His style of play was as remarkable as his power of execution. He had no affectation, no trifling. He did not throw away the game to show off an attitude, or try an experiment. He was a fine, sensible, manly player, who did what he could, but that was more than any one else could even affect to do. He was the best up-hill player in the world; even when his adversary was fourteen, he would play on the same or better, and as he never flung away the game through carelessness and conceit, he never gave it up through laziness or want of heart. The only peculiarity of his play was that he never volleyed, but let the balls hop; but if they rose and inch from the ground, he never missed having them. There was not only no body equal, but nobody second to him. It is supposed that he could give any other player half the game, or beat them with his left hand. His service was tremendous. He once played Woodward and Meredith together (two of the best players in England) in the Fives-court, St. Martin's-street, and made seven and twenty aces following by services alone—a thing unheard of. He another time played Peru, who was considered a first-rate fives-player, a match of the best out of five games, and in the three first games, which of course decided the match, Peru got only one ace.

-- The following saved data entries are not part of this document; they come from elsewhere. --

(* Let $\mathcal{T},\mathcal{U},\mathcal{B}$ be tile sets with mutually consistent frequencies and let $U\in\mathcal{U}$. Then \[ d(\mathcal{T}\cup\{U\},\mathcal{U};\mathcal{B})\le d(\mathcal{T},\mathcal{U};\mathcal{B}). \]
   Context: Fix $n,m\ge1$; $\mathcal{D}$ is the set of $n\times m$ binary matrices. A tile is $T=(t(T),a(T))$ with nonempty $t(T)\subseteq\{1..n\}$, $a(T)\subseteq\{1..m\}$, $\mathrm{area}(T)=t(T)\times a(T)$. $\mathrm{fr}(T;D)=\frac1{|\mathrm{area}(T)|}\sum_{(i,j)\in\mathrm{area}(T)}D(i,j)$, $\mathrm{fr}(T;p)=\sum_Dp(D)\mathrm{fr}(T;D)$. Each tile carries a target frequency $\alpha_T$; tile sets are consistent if some distribution on $\mathcal{D}$ attains all target frequencies simultaneously. For a tile set $\mathcal{T}$, $p^*_{\mathcal{T}}$ is the entropy-maximising distribution among those with $\mathrm{fr}(T;p)=\alpha_T$ for all $T\in\mathcal{T}$. $\mathrm{KL}(\mathcal{T}\|\mathcal{U})=\mathrm{KL}(p^*_{\mathcal{T}}\|p^*_{\mathcal{U}})$. With $\mathcal{M}=\mathcal{T}\cup\mathcal{U}\cup\mathcal{B}$, $d(\mathcal{T},\mathcal{U};\mathcal{B})=\frac{\mathrm{KL}(\mathcal{M}\|\mathcal{U}\cup\mathcal{B})+\mathrm{KL}(\mathcal{M}\|\mathcal{T}\cup\mathcal{B})}{\mathrm{KL}(\mathcal{M}\|\mathcal{B})}$, defined as $1$ if $\mathrm{KL}(\mathcal{M}\|\mathcal{B})=0$. *)

From HB Require Import structures.
From mathcomp Require Import all_boot.
From Stdlib Require Import Reals ClassicalEpsilon.

Set Implicit Arguments.
Unset Strict Implicit.
Unset Printing Implicit Defensive.

(* Indices {1..n} are rendered as 'I_n = {0..n-1}. *)

Definition mat (n m : nat) := {ffun 'I_n * 'I_m -> bool}.

Record tile (n m : nat) := Tile { trows : {set 'I_n}; tcols : {set 'I_m} }.

Definition tile_nonempty n m (T : tile n m) : Prop :=
  trows T != set0 /\ tcols T != set0.

Definition area n m (T : tile n m) : {set 'I_n * 'I_m} :=
  setX (trows T) (tcols T).

Definition fr_mat n m (T : tile n m) (D : mat n m) : R :=
  (/ INR #|area T| *
   \big[Rplus/0%R]_(ij in area T) (if D ij then 1%R else 0%R))%R.

Definition is_dist n m (p : mat n m -> R) : Prop :=
  (forall D, (0 <= p D)%R) /\ \big[Rplus/0%R]_(D : mat n m) p D = 1%R.

Definition fr n m (T : tile n m) (p : mat n m -> R) : R :=
  \big[Rplus/0%R]_(D : mat n m) (p D * fr_mat T D)%R.

(* A tile set: a finite collection of tiles, each carrying its target
   frequency alpha_T.  Union of tile sets is list concatenation. *)
Definition tileset n m := list (tile n m * R).
(* Everything reduces to a statement about sets: if (C_n) is a decreasing
   sequence of nonempty compact subsets of a metric space and C is their
   intersection, then C is nonempty and compact and C_n -> C in the
   Hausdorff metric.  The key point (lemma [eventually_near_intersection]) is
   that for every eps > 0, eventually every point of C_n lies within eps of
   C; this follows from compactness of C_0, covered by the complements of
   the (closed) sets C_n together with the eps-neighbourhood of C.

   On the fuzzy side, for membership functions with values in [0,1], nested
   alpha-cuts amount to pointwise non-increasing memberships, and the
   alpha-cut of the pointwise limit is the intersection of the alpha-cuts.
   Items 1-2 take A to be the pointwise limit; item 3 is the set statement
   applied cut by cut. *)

Lemma list_pos_lower_bound {A : Type} (f : A -> R) (l : list A) :
  exists r, 0 < r /\ forall z, In z l -> 0 < f z -> r <= f z.
Proof.
  induction l as [|a l [r [Hr Hbound]]].
  - exists 1. split; [lra | intros z []].
  - destruct (Rlt_dec 0 (f a)) as [Ha|Ha].
    + exists (Rmin (f a) r). split; [apply Rmin_glb_lt; lra|].
      intros z [<-|Hz] Hpos; [apply Rmin_l|].
      eapply Rle_trans; [apply Rmin_r | auto].
    + exists r. split; auto. intros z [<-|Hz] Hpos; [contradiction | auto].
Qed.

Lemma option_list_nat_bound (l : list (option nat)) :
  exists N, forall n, In (Some n) l -> (n <= N)%nat.
Proof.
  induction l as [|a l [N HN]].
  - exists 0%nat. intros n [].
  - destruct a as [m|].
    + exists (Nat.max m N). intros n [Hn|Hn].
      * injection Hn as ->. lia.
      * specialize (HN n Hn). lia.
    + exists N. intros n [Hn|Hn]; [discriminate | auto].
Qed.

Lemma option_list_somes {I : Type} (l : list (option I)) :
  exists l', forall i, In (Some i) l -> In i l'.
Proof.
  induction l as [|a l [l' Hl']].
  - exists nil. intros i [].
  - destruct a as [j|].
    + exists (j :: l'). intros i [Hi|Hi]; [injection Hi as ->; left | right]; auto.
    + exists l'. intros i [Hi|Hi]; [discriminate | auto].
Qed.

Section HausdorffBound.
Variable E : Type.
Variable d : E -> E -> R.
Hypothesis d_nonneg : forall x y, 0 <= d x y.

Lemma dist_to_set_exists x L : nonempty L -> exists t, is_dist_to_set d x L t.
Proof.
  intros [y0 Hy0].
  destruct (completeness (fun u => exists y, L y /\ u = - d x y)) as [m Hm].
  - exists 0. intros u [y [_ ->]]. specialize (d_nonneg x y). lra.
  - exists (- d x y0); eauto.
  - exists (- m). unfold is_dist_to_set. rewrite Ropp_involutive. exact Hm.
Qed.

Lemma dist_to_set_le x L t y : is_dist_to_set d x L t -> L y -> t <= d x y.
Proof.
  intros [Hub _] Hy. assert (- d x y <= - t) by (apply Hub; eauto). lra.
Qed.

Lemma excess_le K L r : nonempty K -> nonempty L ->
  (forall x, K x -> exists y, L y /\ d x y <= r) ->
  exists s, excess d K L s /\ s <= r.
Proof.
  intros [x0 Hx0] HL Hclose.
  assert (Hbound : forall t, (exists x, K x /\ is_dist_to_set d x L t) -> t <= r).
  { intros t [x [Kx Ht]]. destruct (Hclose x Kx) as [y [Ly Hy]].
    pose proof (dist_to_set_le x L t y Ht Ly). lra. }
  destruct (completeness (fun t => exists x, K x /\ is_dist_to_set d x L t)) as [s Hs].
  - exists r. exact Hbound.
  - destruct (dist_to_set_exists x0 L HL) as [t Ht]. eauto.
  - exists s. split; [exact Hs | apply (proj2 Hs); exact Hbound].
Qed.

Lemma hausdorff_dist_le K L r : nonempty K -> nonempty L ->
  (forall x, K x -> exists y, L y /\ d x y <= r) ->
  (forall y, L y -> exists x, K x /\ d y x <= r) ->
  exists h, hausdorff_dist d K L h /\ h <= r.
Proof.
  intros HK HL HKL HLK.
  destruct (excess_le K L r HK HL HKL) as [s1 [Hs1 Hle1]].
  destruct (excess_le L K r HL HK HLK) as [s2 [Hs2 Hle2]].
  exists (Rmax s1 s2). split; [exists s1, s2; auto | apply Rmax_lub; auto].
Qed.
End HausdorffBound.
Lemma embed_mapL n d m (V : 'M[C]_(n, d)) (Z : M (d * m)) :
  embed V Z = mapL (fun Y => V *m Y *m adjmx V) Z.
Proof.
move: Z; apply: linmap_tens_ext => [a X Y||A B].
- by rewrite /embed mulmxDr mulmxDl -scalemxAr -scalemxAl.
- exact/mapL_linmap/linmap_sandwich.
rewrite mapL_tens; last exact: linmap_sandwich.
by rewrite /embed tensmx_mul adjmx_tens adjmx_scalar conjC1 tensmx_mul mul1mx mulmx1.
Qed.

Lemma mulmx_range_proj n r (d : 'I_r -> nat) (V : forall i, 'M[C]_(n, d i)) i j :
  (forall i, adjmx (V i) *m V i = 1%:M) ->
  (forall i j, i != j -> adjmx (V i) *m V j = 0) ->
  V i *m adjmx (V i) *m (V j *m adjmx (V j))
  = if i == j then V i *m adjmx (V i) else 0.
Proof.
move=> V_iso V_orth; rewrite mulmxA -(mulmxA (V i)).
case: eqP => [<- | /eqP ne_ij]; first by rewrite V_iso mulmx1.
by rewrite V_orth // mulmx0 mul0mx.
Qed.

Section OrthogonalProjections.
Variables (n r : nat) (P : 'I_r -> M n) (mu : 'I_r -> C).
Hypothesis P_orth : forall i j, P i *m P j = if i == j then P i else 0.

Lemma mulmx_sum_proj i : (\sum_j mu j *: P j) *m P i = mu i *: P i.
Proof.
rewrite mulmx_suml (bigD1 i) //= big1 ?addr0 => [|j ne_ji].
  by rewrite -scalemxAl P_orth eqxx.
by rewrite -scalemxAl P_orth (negbTE ne_ji) scaler0.
Qed.

Lemma mulmx_proj_sum i : P i *m (\sum_j mu j *: P j) = mu i *: P i.
Proof.
rewrite mulmx_sumr (bigD1 i) //= big1 ?addr0 => [|j ne_ji].
  by rewrite -scalemxAr P_orth eqxx.
by rewrite -scalemxAr P_orth eq_sym (negbTE ne_ji) scaler0.
Qed.

End OrthogonalProjections.

Section Theta.
Variables iu c : C.
Local Notation Th := (ThetaC iu c).
Local Notation star := (starC iu c).

Lemma Theta_linmap n (rho : M n) : linmap (Th rho).
Proof.
move=> a X Y; rewrite /ThetaC mulmxDr mulmxDl -!scalemxAr -!scalemxAl.
move: (rho *m X) (rho *m Y) (X *m rho) (Y *m rho) => u1 u2 w1 w2.
by apply/matrixP => i j; rewrite !mxE; ring.
Qed.

Lemma Theta_linmap_state n (Y : M n) : linmap (Th ^~ Y).
Proof.
move=> a rho sigma; rewrite /ThetaC mulmxDr mulmxDl -!scalemxAr -!scalemxAl.
move: (rho *m Y) (sigma *m Y) (Y *m rho) (Y *m sigma) => u1 u2 w1 w2.
by apply/matrixP => i j; rewrite !mxE; ring.
Qed.

Lemma Theta_commute n (rho Y : M n) : rho *m Y = Y *m rho -> Th rho Y = rho *m Y.
Proof.
move=> rhoY; rewrite /ThetaC -rhoY subrr scaler0 addr0 -mulr2n -scaler_nat.
by rewrite scalerA mulVf ?pnatr_eq0 // scale1r.
Qed.

Lemma Theta_scalar n (s : C) (Y : M n) : Th s%:M Y = s *: Y.
Proof. by rewrite Theta_commute mul_scalar_mx // mul_mx_scalar. Qed.

Lemma Theta1 n (rho : M n) : Th rho 1%:M = rho.
Proof. by rewrite Theta_commute mulmx1 // mul1mx. Qed.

Cavanagh was an Irishman by birth, and a house-painter by profession. He had once laid aside his working-dress, and walked up, in his smartest clothes, to the Rosemary Branch to have an afternoon's pleasure. A person accosted him, and asked if he would have a game. So they agreed to play for half-a-crown a game, and a bottle of cider. The first game began—it was seven, eight, ten, thirteen, fourteen, all. Cavanagh won it. The next was the same. They played on and each game was hardly contested. "There," said the unconscious fives-player, "there was a stroke that Cavanagh could not take: I never played better in my life, and yet I can't win a- game. I don't know how it is." However, they played on, Cavanagh winning every game, and the bye-standers drinking the cider and laughing all the time. In the twelfth game, when Cavanagh was only four, and the stranger thirteen, a person came in, and said "What are you here, Cavanagh!" the words were no sooner pronounced than the astonished player let the ball drop from his hand, and saying, "What! have I been breaking my heart all this time to beat Cavanagh?" refused to make another effort. "And yet, I give you my word," said Cavanagh, telling the story with some triumph, "I played all the while with my clenched fist."

He used frequently to play matches at Copenhagen-house for wagers and dinners. The wall against which they play is the same that supports the kitchen-chimney, and when the wall resounded louder than usual, the cooks exclamed, "Those are the Irishman's balls," and the joints trembled on the spit!

Goldsmith consoled himself that there were places where he too was admired: and Cavanagh was the admiration of all the fives-courts where he ever played. Mr. Powell, when he played matches in the court in St. Martin's-street, used to fill his gallery at half-a-crown a head, with amateurs and admirers of talent in whatever department it is shown. He could not have shown himself in any ground in England, but he would have been immediately surrounded with inquisitive gazers, trying to find out in what part of his frame his unrivalled skill lay.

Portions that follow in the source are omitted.